== Assignment ==
In the records below, find the line with "p0 * g 0 + sum_f_R0" and the line with "INR n * f0 + f2 /"; return exactly those lines and every line between them.

Records excerpted from a collection:
= = =

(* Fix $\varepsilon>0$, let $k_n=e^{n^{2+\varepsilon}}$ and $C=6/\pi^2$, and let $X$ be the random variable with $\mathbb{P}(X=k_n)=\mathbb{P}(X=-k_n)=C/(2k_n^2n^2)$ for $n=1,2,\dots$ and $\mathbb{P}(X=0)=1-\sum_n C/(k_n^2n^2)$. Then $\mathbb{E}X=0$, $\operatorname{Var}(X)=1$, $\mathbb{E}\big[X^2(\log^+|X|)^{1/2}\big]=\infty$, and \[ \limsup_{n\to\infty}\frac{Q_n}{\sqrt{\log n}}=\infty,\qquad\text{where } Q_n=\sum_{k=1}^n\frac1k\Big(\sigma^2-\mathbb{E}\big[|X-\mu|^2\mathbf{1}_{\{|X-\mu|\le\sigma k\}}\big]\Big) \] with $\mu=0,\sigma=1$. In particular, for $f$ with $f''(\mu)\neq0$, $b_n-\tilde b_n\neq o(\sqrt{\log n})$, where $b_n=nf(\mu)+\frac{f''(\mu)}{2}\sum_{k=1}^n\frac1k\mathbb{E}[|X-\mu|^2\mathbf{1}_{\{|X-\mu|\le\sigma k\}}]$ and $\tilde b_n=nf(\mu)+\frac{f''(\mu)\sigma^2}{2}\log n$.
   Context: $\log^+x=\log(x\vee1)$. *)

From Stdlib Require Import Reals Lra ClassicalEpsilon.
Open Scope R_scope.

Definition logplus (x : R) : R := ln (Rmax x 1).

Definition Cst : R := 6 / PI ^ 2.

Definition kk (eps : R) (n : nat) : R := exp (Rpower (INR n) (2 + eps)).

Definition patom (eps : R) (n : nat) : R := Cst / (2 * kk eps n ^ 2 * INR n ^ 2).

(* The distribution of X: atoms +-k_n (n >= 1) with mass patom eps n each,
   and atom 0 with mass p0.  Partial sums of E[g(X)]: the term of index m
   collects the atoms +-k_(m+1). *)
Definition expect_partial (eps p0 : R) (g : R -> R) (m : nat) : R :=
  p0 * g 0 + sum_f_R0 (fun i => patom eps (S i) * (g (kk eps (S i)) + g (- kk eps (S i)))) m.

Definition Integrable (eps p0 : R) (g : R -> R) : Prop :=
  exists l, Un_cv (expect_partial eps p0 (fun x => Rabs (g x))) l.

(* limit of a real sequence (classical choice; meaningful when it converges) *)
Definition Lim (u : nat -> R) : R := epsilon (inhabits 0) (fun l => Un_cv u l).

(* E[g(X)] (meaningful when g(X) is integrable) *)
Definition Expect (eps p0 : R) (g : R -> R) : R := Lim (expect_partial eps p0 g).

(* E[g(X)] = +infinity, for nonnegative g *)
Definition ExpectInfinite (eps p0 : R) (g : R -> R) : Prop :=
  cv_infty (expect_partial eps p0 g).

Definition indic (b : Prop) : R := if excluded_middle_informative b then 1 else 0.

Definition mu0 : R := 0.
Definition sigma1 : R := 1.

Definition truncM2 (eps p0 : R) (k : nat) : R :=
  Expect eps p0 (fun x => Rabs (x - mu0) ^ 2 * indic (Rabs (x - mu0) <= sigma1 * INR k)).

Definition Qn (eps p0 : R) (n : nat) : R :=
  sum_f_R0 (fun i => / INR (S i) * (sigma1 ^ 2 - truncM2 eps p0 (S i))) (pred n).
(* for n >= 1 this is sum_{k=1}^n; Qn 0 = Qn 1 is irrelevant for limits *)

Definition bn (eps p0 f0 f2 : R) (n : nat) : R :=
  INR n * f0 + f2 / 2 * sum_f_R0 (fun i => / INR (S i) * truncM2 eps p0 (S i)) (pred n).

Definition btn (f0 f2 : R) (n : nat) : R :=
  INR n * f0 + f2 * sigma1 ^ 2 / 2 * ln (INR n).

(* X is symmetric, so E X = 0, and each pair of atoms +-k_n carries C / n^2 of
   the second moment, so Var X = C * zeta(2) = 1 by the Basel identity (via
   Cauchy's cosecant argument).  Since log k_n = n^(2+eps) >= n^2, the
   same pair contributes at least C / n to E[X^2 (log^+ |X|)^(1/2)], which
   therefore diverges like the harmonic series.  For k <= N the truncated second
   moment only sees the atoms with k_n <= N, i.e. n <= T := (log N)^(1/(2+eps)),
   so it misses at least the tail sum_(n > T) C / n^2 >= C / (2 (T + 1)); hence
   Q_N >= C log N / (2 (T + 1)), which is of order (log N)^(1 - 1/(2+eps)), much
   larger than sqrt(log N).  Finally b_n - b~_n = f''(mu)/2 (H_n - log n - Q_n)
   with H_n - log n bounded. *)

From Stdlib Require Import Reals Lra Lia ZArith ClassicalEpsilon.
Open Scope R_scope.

= = =

== Result ==
  p0 * g 0 + sum_f_R0 (fun i => patom eps (S i) * (g (kk eps (S i)) + g (- kk eps (S i)))) m.

Definition Integrable (eps p0 : R) (g : R -> R) : Prop :=
  exists l, Un_cv (expect_partial eps p0 (fun x => Rabs (g x))) l.

(* limit of a real sequence (classical choice; meaningful when it converges) *)
Definition Lim (u : nat -> R) : R := epsilon (inhabits 0) (fun l => Un_cv u l).

(* E[g(X)] (meaningful when g(X) is integrable) *)
Definition Expect (eps p0 : R) (g : R -> R) : R := Lim (expect_partial eps p0 g).

(* E[g(X)] = +infinity, for nonnegative g *)
Definition ExpectInfinite (eps p0 : R) (g : R -> R) : Prop :=
  cv_infty (expect_partial eps p0 g).

Definition indic (b : Prop) : R := if excluded_middle_informative b then 1 else 0.

Definition mu0 : R := 0.
Definition sigma1 : R := 1.

Definition truncM2 (eps p0 : R) (k : nat) : R :=
  Expect eps p0 (fun x => Rabs (x - mu0) ^ 2 * indic (Rabs (x - mu0) <= sigma1 * INR k)).

Definition Qn (eps p0 : R) (n : nat) : R :=
  sum_f_R0 (fun i => / INR (S i) * (sigma1 ^ 2 - truncM2 eps p0 (S i))) (pred n).
(* for n >= 1 this is sum_{k=1}^n; Qn 0 = Qn 1 is irrelevant for limits *)

Definition bn (eps p0 f0 f2 : R) (n : nat) : R :=
  INR n * f0 + f2 / 2 * sum_f_R0 (fun i => / INR (S i) * truncM2 eps p0 (S i)) (pred n).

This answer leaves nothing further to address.